"""

(* Let $\mathbf D_1\in\mathcal D$. Every $\mathbf D_2\in\mathcal D$ can be written as $\mathbf D_2=\mathbf D(\mathbf D_1,\mathbf W,\mathbf v,\tau)$ with $\mathbf W\in\mathcal W_{\mathbf D_1}$, $\mathbf v\in\mathcal S^p_+$ and $\tau\ge0$ such that $\tau\|\mathbf v\|_\infty\le\pi$. Moreover, for all $j$, $$\frac2\pi\tau\mathbf v_j\le\|\mathbf d_2^j-\mathbf d_1^j\|_2=2\sin\Big(\frac{\tau\mathbf v_j}{2}\Big)\le\tau\mathbf v_j,\qquad \frac2\pi\tau\le\|\mathbf D_2-\mathbf D_1\|_F\le\tau.$$ Conversely, $\mathbf D_1=\mathbf D(\mathbf D_2,\mathbf W',\mathbf v,\tau)$ for some $\mathbf W'\in\mathcal W_{\mathbf D_2}$, with the same $\mathbf v$ and $\tau$.
   Context: $\mathcal D$: real $m\times p$ matrices with unit $\ell_2$-norm columns; $\mathbf d^j$ denotes the $j$-th column. $\mathcal S^p_+=\{\mathbf v\in\mathbb R^p_+:\|\mathbf v\|_2=1\}$. For $\mathbf D\in\mathcal D$, $\mathcal W_{\mathbf D}=\{\mathbf W\in\mathbb R^{m\times p}:\mathrm{diag}(\mathbf W^\top\mathbf D)=\mathbf 0,\mathrm{diag}(\mathbf W^\top\mathbf W)=\mathbf 1\}$, and $\mathbf D(\mathbf D,\mathbf W,\mathbf v,t)=\mathbf D\,\mathrm{Diag}[\cos(\mathbf vt)]+\mathbf W\,\mathrm{Diag}[\sin(\mathbf vt)]$ (cos, sin entrywise). *)

From HB Require Import structures.
From mathcomp Require Import all_boot all_order all_algebra.
From mathcomp Require Import all_classical all_reals all_analysis.
Set Implicit Arguments. Unset Strict Implicit. Unset Printing Implicit Defensive.
Import Order.TTheory GRing.Theory Num.Theory.
Local Open Scope ring_scope.

Section Defs.
Variable R : realType.

Definition colnorm m p (A : 'M[R]_(m, p)) (j : 'I_p) : R :=
  Num.sqrt (\sum_(i < m) A i j ^+ 2).

Definition frob m p (A : 'M[R]_(m, p)) : R :=
  Num.sqrt (\sum_(i < m) \sum_(j < p) A i j ^+ 2).

Definition inD m p (D : 'M[R]_(m, p)) : Prop := forall j, colnorm D j = 1.

Definition inW m p (D W : 'M[R]_(m, p)) : Prop :=
  forall j : 'I_p, (W^T *m D) j j = 0 /\ (W^T *m W) j j = 1.

Definition vnorm p (v : 'cV[R]_p) : R := Num.sqrt (\sum_(i < p) v i 0 ^+ 2).

Definition infnorm p (v : 'cV[R]_p) : R := \big[Num.max/0]_(i < p) `|v i 0|.

Definition inSplus p (v : 'cV[R]_p) : Prop :=
  (forall i, 0 <= v i 0) /\ vnorm v = 1.

Definition Dcurve m p (D W : 'M[R]_(m, p)) (v : 'cV[R]_p) (t : R) : 'M[R]_(m, p) :=
  D *m diag_mx (\row_j cos (v j 0 * t)) + W *m diag_mx (\row_j sin (v j 0 * t)).

End Defs.

(* Column by column, d1 and d2 are unit vectors at angle theta_j = acos <d1, d2>
   in [0, pi].  The component of d2 orthogonal to d1 has length sin theta_j, so
   d2 = cos theta_j d1 + sin theta_j w_j for a unit w_j orthogonal to d1 (an
   arbitrary one when d2 = +-d1; this is where m >= 2 is needed).  Writing the
   nonnegative vector theta as tau v with tau = |theta| and v in S^p_+ gives
   D2 = D(D1, W, v, tau), and exchanging D1 and D2 leaves theta unchanged.  The
   chord |d2 - d1| equals 2 sin (theta_j / 2), which Jordan's inequality
   2x/pi <= sin x <= x on [0, pi/2] places between 2 theta_j / pi and theta_j;
   summing squares gives the Frobenius bounds. *)

From HB Require Import structures.
From mathcomp Require Import all_boot all_order all_algebra.
From mathcomp Require Import all_classical all_reals all_analysis.
From mathcomp Require Import ring lra.
Set Implicit Arguments.
Unset Strict Implicit.
Unset Printing Implicit Defensive.
Import Order.TTheory GRing.Theory Num.Theory.
Import numFieldNormedType.Exports.
Local Open Scope ring_scope.

Section Trigonometry.
Variable R : realType.

Lemma sin_le_id (x : R) : 0 <= x -> sin x <= x.
Proof.
move=> x_ge0; pose g (y : R) := y - sin y.
have dg (y : R) : is_derive y 1 g (1 - cos y) by apply: is_deriveB.
have cg : continuous g.
  by move=> y; apply/differentiable_continuous/derivable1_diffP; exact: ex_derive.
have : g 0 <= g x.
  apply: (@ger0_derive1_le_cc R g 0 x) => //; rewrite ?in_itv /= ?lexx ?x_ge0 //.
  - by move=> y _; rewrite derive1E derive_val subr_ge0 cos_le1.
  - exact: continuous_subspaceT.
by rewrite /g sin0 subr0 subr_ge0.
Qed.

Lemma ler_cos : {in `[0, pi] &, {mono (@cos R) : x y /~ x <= y}}.
Proof. by apply: le_nmono_in => x y xI yI; rewrite ltr_cos. Qed.

Lemma jordan_sin (x : R) : 0 <= x <= pi / 2 -> 2 / pi * x <= sin x.
Proof.
move=> /andP[x_ge0 x_le]; have pi_gt0 := pi_gt0 R.
set c := 2 / pi.
have c_ge0 : 0 <= c by rewrite /c divr_ge0 // ltW.
have c_le1 : c <= 1 by rewrite /c ler_pdivrMr // mul1r pi_ge2.
pose h (y : R) := sin y - c * y.
have dh (y : R) : is_derive y (1 : R) h (cos y - c * 1).
  by apply: is_deriveB; exact: is_deriveZ.
have ch : continuous h.
  by move=> y; apply/differentiable_continuous/derivable1_diffP; exact: ex_derive.
have h0 : h 0 = 0 by rewrite /h sin0 mulr0 subrr.
have hpi : h (pi / 2) = 0.
  by rewrite /h sin_pihalf /c mulrA divfK ?gt_eqF // divff // subrr.
(* h' = cos - c: h increases up to z = acos c and decreases afterwards *)
have c_bnd : -1 <= c <= 1 by rewrite c_le1 andbT (le_trans _ c_ge0) // lerN10.
set z := acos c.
have [z_ge0 z_le] : 0 <= z /\ z <= pi by rewrite acos_ge0 ?acos_lepi.
have cos_z : cos z = c by rewrite acosK // in_itv.
have z_in : z \in `[0, pi] by rewrite in_itv /= z_ge0.
have in0pi (y : R) : 0 <= y -> y <= pi -> y \in `[0, pi] by rewrite in_itv /= => -> ->.
suff : 0 <= h x by rewrite /h subr_ge0.
have [x_le_z | z_lt_x] := leP x z.
- rewrite -h0; apply: (@ger0_derive1_le_cc R h 0 z) => //;
    rewrite ?in_itv /= ?lexx ?x_ge0 //.
  + move=> y; rewrite in_itv /= => /andP[y_gt0 y_lt].
    have y_in : y \in `[0, pi] by rewrite in0pi ?ltW ?(lt_le_trans y_lt).
    by rewrite derive1E derive_val mulr1 subr_ge0 -cos_z ler_cos // ltW.
  + exact: continuous_subspaceT.
- have z_le_pi2 : z <= pi / 2 by rewrite (le_trans (ltW z_lt_x)).
  rewrite -hpi; apply: (@ler0_derive1_le_cc R h z (pi / 2)) => //;
    rewrite ?in_itv /= ?lexx ?z_le_pi2 ?x_le ?(ltW z_lt_x) //.
  + move=> y; rewrite in_itv /= => /andP[y_gt y_lt].
    have y_in : y \in `[0, pi].
      by rewrite in0pi ?(le_trans z_ge0 (ltW y_gt)) //; lra.
    by rewrite derive1E derive_val mulr1 subr_le0 -cos_z ler_cos // ltW.
  + exact: continuous_subspaceT.
Qed.

Lemma chord_bounds (t : R) : 0 <= t <= pi ->
  2 / pi * t <= 2 * sin (t / 2) <= t.
Proof.
move=> /andP[t_ge0 t_le]; have pi_gt0 := pi_gt0 R.
have lo : 2 / pi * (t / 2) <= sin (t / 2) by apply: jordan_sin; apply/andP; split; lra.
have hi : sin (t / 2) <= t / 2 by apply: sin_le_id; lra.
have -> : 2 / pi * t = 2 * (2 / pi * (t / 2)).
  by rewrite [RHS]mulrCA (mulrC 2 (t / 2)) divfK.
by apply/andP; split; lra.
Qed.

End Trigonometry.

Section Dot.
Variables (R : realType) (m : nat).
Implicit Types (u v w r : 'cV[R]_m) (a b : R).

Definition dot u v : R := \sum_(i < m) u i 0 * v i 0.

Lemma dotC u v : dot u v = dot v u.
Proof. by apply: eq_bigr => i _; rewrite mulrC. Qed.

Lemma dotDZl a b u v w : dot (a *: u + b *: v) w = a * dot u w + b * dot v w.
Proof. by rewrite /dot !mulr_sumr -big_split; apply: eq_bigr => i _; rewrite !mxE /=; ring. Qed.

Lemma dotZl a u v : dot (a *: u) v = a * dot u v.
Proof. by rewrite /dot mulr_sumr; apply: eq_bigr => i _; rewrite !mxE mulrA. Qed.

Lemma dotZr a u v : dot u (a *: v) = a * dot u v.
Proof. by rewrite dotC dotZl dotC. Qed.

Lemma dotDZ_sqr a b u v :
  dot (a *: u + b *: v) (a *: u + b *: v) =
  a ^+ 2 * dot u u + 2 * a * b * dot u v + b ^+ 2 * dot v v.
Proof. by rewrite dotDZl !(dotC _ (_ + _)) !dotDZl (dotC v u); ring. Qed.

Lemma dot_ge0 u : 0 <= dot u u.
Proof. by apply: sumr_ge0 => i _; rewrite -expr2 sqr_ge0. Qed.

Lemma dot_eq0 u : dot u u = 0 -> u = 0.
Proof.
move=> uu0; apply/matrixP => i j; rewrite ord1 mxE; apply/eqP.
by rewrite -sqrf_eq0 expr2 (psumr_eq0P _ uu0) // => k _; rewrite -expr2 sqr_ge0.
Qed.

Lemma dot_delta i u : dot (delta_mx i 0) u = u i 0.
Proof.
rewrite /dot (bigD1 i) //= big1 => [|k /negbTE ki]; last by rewrite mxE ki mul0r.
by rewrite mxE !eqxx mul1r addr0.
Qed.

Lemma dot_unit_bound u v : dot u u = 1 -> dot v v = 1 -> -1 <= dot u v <= 1.
Proof.
move=> uu vv; have sum_ge0 := dot_ge0 (1 *: u + 1 *: v).
have diff_ge0 := dot_ge0 (1 *: u + (-1) *: v).
rewrite !dotDZ_sqr uu vv in sum_ge0 diff_ge0.
by apply/andP; split; lra.
Qed.

Lemma exists_unit_orthogonal u : (2 <= m)%N ->
  exists w, dot w u = 0 /\ dot w w = 1.
Proof.
move=> m_ge2; pose i0 := Ordinal (ltnW m_ge2); pose i1 := Ordinal m_ge2.
have e01 : dot (delta_mx i0 0) (delta_mx i1 0) = 0 by rewrite dot_delta mxE.
have ee i : dot (delta_mx i 0) (delta_mx i 0) = 1 by rewrite dot_delta mxE !eqxx.
have [u0 | u_ne0] := eqVneq (u i0 0 ^+ 2 + u i1 0 ^+ 2) 0.
  have ui0 : u i0 0 = 0.
    by apply/eqP; rewrite -sqrf_eq0 eq_le sqr_ge0 andbT -u0 lerDl sqr_ge0.
  by exists (delta_mx i0 0); rewrite dot_delta ui0 ee.
(* the rotation by a right angle of the (i0, i1)-component of u *)
pose r : 'cV[R]_m := (- u i1 0) *: delta_mx i0 0 + u i0 0 *: delta_mx i1 0.
have ru : dot r u = 0 by rewrite dotDZl !dot_delta; ring.
have rr : dot r r = u i0 0 ^+ 2 + u i1 0 ^+ 2 by rewrite dotDZ_sqr !ee e01; ring.
have rr_gt0 : 0 < dot r r by rewrite lt_def rr u_ne0 addr_ge0 ?sqr_ge0.
exists ((Num.sqrt (dot r r))^-1 *: r); rewrite dotZl ru mulr0 dotZr dotZl.
by rewrite mulrA -invfM -expr2 sqr_sqrtr ?ltW // mulVf ?gt_eqF.
Qed.

Lemma orthogonal_scale_unit u r s : (2 <= m)%N -> 0 <= s ->
  dot r u = 0 -> dot r r = s ^+ 2 ->
  exists w, [/\ dot w u = 0, dot w w = 1 & r = s *: w].
Proof.
move=> m_ge2 s_ge0 ru rr; have [s0|s_ne0] := eqVneq s 0.
  have [w [wu ww]] := exists_unit_orthogonal u m_ge2.
  by exists w; rewrite s0 scale0r; split => //; apply: dot_eq0; rewrite rr s0 expr0n.
exists (s^-1 *: r); rewrite scalerA divff // scale1r dotZl ru mulr0 dotZr dotZl.
by rewrite rr mulrA -expr2 -exprMn mulVf ?expr1n.
Qed.

Lemma unit_rotation_decomp u v : (2 <= m)%N ->
  dot u u = 1 -> dot v v = 1 ->
  exists w, [/\ dot w u = 0, dot w w = 1 &
    v = cos (acos (dot u v)) *: u + sin (acos (dot u v)) *: w].
Proof.
move=> m_ge2 uu vv; have c_bnd := dot_unit_bound uu vv.
rewrite acosK ?sin_acos ?in_itv //; set c := dot u v in c_bnd *.
pose r := 1 *: v + (- c) *: u.
have ru : dot r u = 0 by rewrite dotDZl uu dotC -/c; ring.
have rr : dot r r = Num.sqrt (1 - c ^+ 2) ^+ 2.
  rewrite dotDZ_sqr uu vv dotC -/c sqr_sqrtr; first by ring.
  by case/andP: c_bnd => ? ?; nra.
have [w [wu ww r_w]] := orthogonal_scale_unit m_ge2 (sqrtr_ge0 _) ru rr.
by exists w; split => //; rewrite -r_w /r scale1r scaleNr addrC subrK.
Qed.

Lemma chord_length u v : dot u u = 1 -> dot v v = 1 ->
  Num.sqrt (dot (v - u) (v - u)) = 2 * sin (acos (dot u v) / 2).
Proof.
move=> uu vv; have c_bnd := dot_unit_bound uu vv.
set t := acos (dot u v).
have [t_ge0 t_le] : 0 <= t /\ t <= pi by rewrite acos_ge0 ?acos_lepi.
have cos_t : dot u v = 1 - 2 * sin (t / 2) ^+ 2.
  rewrite -[dot u v]acosK ?in_itv // -/t {1}(splitr t) -mulr2n.
  by rewrite cos_mulr2n cos2sin2 mulr2n; ring.
have -> : v - u = 1 *: v + (-1) *: u by rewrite scale1r scaleN1r.
rewrite dotDZ_sqr uu vv dotC cos_t.
have -> : 1 ^+ 2 * 1 + 2 * 1 * -1 * (1 - 2 * sin (t / 2) ^+ 2) + (-1) ^+ 2 * 1
  = (2 * sin (t / 2)) ^+ 2 by ring.
rewrite sqrtr_sqr ger0_norm // mulr_ge0 // sin_ge0_pi //.
by rewrite divr_ge0 //= ler_pdivrMr //; have := pi_gt0 R; lra.
Qed.

End Dot.

Section Columns.
Variables (R : realType) (m p : nat).
Implicit Types (A B D E W : 'M[R]_(m, p)) (w : 'I_p -> 'cV[R]_m).

Lemma colnorm_dot A j : colnorm A j = Num.sqrt (dot (col j A) (col j A)).
Proof. by rewrite /colnorm /dot; congr Num.sqrt; apply: eq_bigr => i _; rewrite !mxE expr2. Qed.

Lemma inD_dot D : inD D -> forall j, dot (col j D) (col j D) = 1.
Proof.
move=> hD j; have := hD j; rewrite colnorm_dot => unit_j.
by rewrite -[LHS]sqr_sqrtr ?dot_ge0 // unit_j expr1n.
Qed.

Lemma frob_colnorm A : frob A = vnorm (\col_j colnorm A j).
Proof.
rewrite /frob /vnorm exchange_big; congr Num.sqrt; apply: eq_bigr => j _.
by rewrite mxE /colnorm sqr_sqrtr // sumr_ge0 // => i _; rewrite sqr_ge0.
Qed.

Lemma trmx_mul_diag A B j : (A^T *m B) j j = dot (col j A) (col j B).
Proof. by rewrite !mxE; apply: eq_bigr => i _; rewrite !mxE. Qed.

Definition mx_of_cols w : 'M[R]_(m, p) := \matrix_(i, j) w j i 0.

Lemma col_mx_of_cols w j : col j (mx_of_cols w) = w j.
Proof. by apply/matrixP => i k; rewrite ord1 !mxE. Qed.

Lemma Dcurve_of_cols D E w (v : 'cV[R]_p) t :
  (forall j, [/\ dot (w j) (col j D) = 0, dot (w j) (w j) = 1 &
     col j E = cos (t * v j 0) *: col j D + sin (t * v j 0) *: w j]) ->
  inW D (mx_of_cols w) /\ E = Dcurve D (mx_of_cols w) v t.
Proof.
move=> hw; split=> [j|]; first by have [? ? _] := hw j; rewrite !trmx_mul_diag col_mx_of_cols.
apply/matrixP => i j; have [_ _ /matrixP/(_ i 0)] := hw j.
by rewrite /Dcurve !mul_mx_diag !mxE (mulrC (v j 0)) => ->; ring.
Qed.

End Columns.

Section NonnegPolar.
Variables (R : realType) (p : nat).
Implicit Types (u v : 'cV[R]_p).

Lemma vnorm_dot u : vnorm u = Num.sqrt (dot u u).
Proof. by rewrite /vnorm /dot; congr Num.sqrt; apply: eq_bigr => i _; rewrite expr2. Qed.

Lemma vnormZ a u : 0 <= a -> vnorm (a *: u) = a * vnorm u.
Proof.
move=> a_ge0; rewrite !vnorm_dot dotZl dotZr mulrA sqrtrM ?mulr_ge0 //.
by rewrite -expr2 sqrtr_sqr ger0_norm.
Qed.

Lemma ler_vnorm u v : (forall i, 0 <= u i 0 <= v i 0) -> vnorm u <= vnorm v.
Proof.
move=> uv; rewrite !vnorm_dot ler_wsqrtr // ler_sum // => i _.
by have /andP[u_ge0 u_le] := uv i; rewrite ler_pM.
Qed.

Lemma nonneg_polar u : (0 < p)%N -> (forall i, 0 <= u i 0) ->
  exists v, inSplus v /\ u = vnorm u *: v.
Proof.
move=> p_gt0 u_ge0; have [u0 | u_ne0] := eqVneq (vnorm u) 0.
  exists (delta_mx (Ordinal p_gt0) 0); rewrite u0 scale0r.
  split; last by apply: dot_eq0; rewrite -[dot _ _]sqr_sqrtr ?dot_ge0 // -vnorm_dot u0 expr0n.
  by split=> [i|]; rewrite ?mxE ?ler0n // vnorm_dot dot_delta mxE !eqxx sqrtr1.
have u_gt0 : 0 < vnorm u by rewrite lt_def u_ne0 vnorm_dot sqrtr_ge0.
exists ((vnorm u)^-1 *: u); rewrite scalerA divff // scale1r; split=> //.
have inv_ge0 : 0 <= (vnorm u)^-1 by rewrite invr_ge0 ltW.
split=> [i|]; first by rewrite mxE mulr_ge0.
by rewrite vnormZ // mulVf.
Qed.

"""

Above are the records; repeat exactly the lines from the one holding "From mathcomp Require Import ring lra." down to the one holding "have h0 : h", end lines included.

> [Result for this task]
From mathcomp Require Import ring lra.
Set Implicit Arguments.
Unset Strict Implicit.
Unset Printing Implicit Defensive.
Import Order.TTheory GRing.Theory Num.Theory.
Import numFieldNormedType.Exports.
Local Open Scope ring_scope.

Section Trigonometry.
Variable R : realType.

Lemma sin_le_id (x : R) : 0 <= x -> sin x <= x.
Proof.
move=> x_ge0; pose g (y : R) := y - sin y.
have dg (y : R) : is_derive y 1 g (1 - cos y) by apply: is_deriveB.
have cg : continuous g.
  by move=> y; apply/differentiable_continuous/derivable1_diffP; exact: ex_derive.
have : g 0 <= g x.
  apply: (@ger0_derive1_le_cc R g 0 x) => //; rewrite ?in_itv /= ?lexx ?x_ge0 //.
  - by move=> y _; rewrite derive1E derive_val subr_ge0 cos_le1.
  - exact: continuous_subspaceT.
by rewrite /g sin0 subr0 subr_ge0.
Qed.

Lemma ler_cos : {in `[0, pi] &, {mono (@cos R) : x y /~ x <= y}}.
Proof. by apply: le_nmono_in => x y xI yI; rewrite ltr_cos. Qed.

Lemma jordan_sin (x : R) : 0 <= x <= pi / 2 -> 2 / pi * x <= sin x.
Proof.
move=> /andP[x_ge0 x_le]; have pi_gt0 := pi_gt0 R.
set c := 2 / pi.
have c_ge0 : 0 <= c by rewrite /c divr_ge0 // ltW.
have c_le1 : c <= 1 by rewrite /c ler_pdivrMr // mul1r pi_ge2.
pose h (y : R) := sin y - c * y.
have dh (y : R) : is_derive y (1 : R) h (cos y - c * 1).
  by apply: is_deriveB; exact: is_deriveZ.
have ch : continuous h.
  by move=> y; apply/differentiable_continuous/derivable1_diffP; exact: ex_derive.
have h0 : h 0 = 0 by rewrite /h sin0 mulr0 subrr.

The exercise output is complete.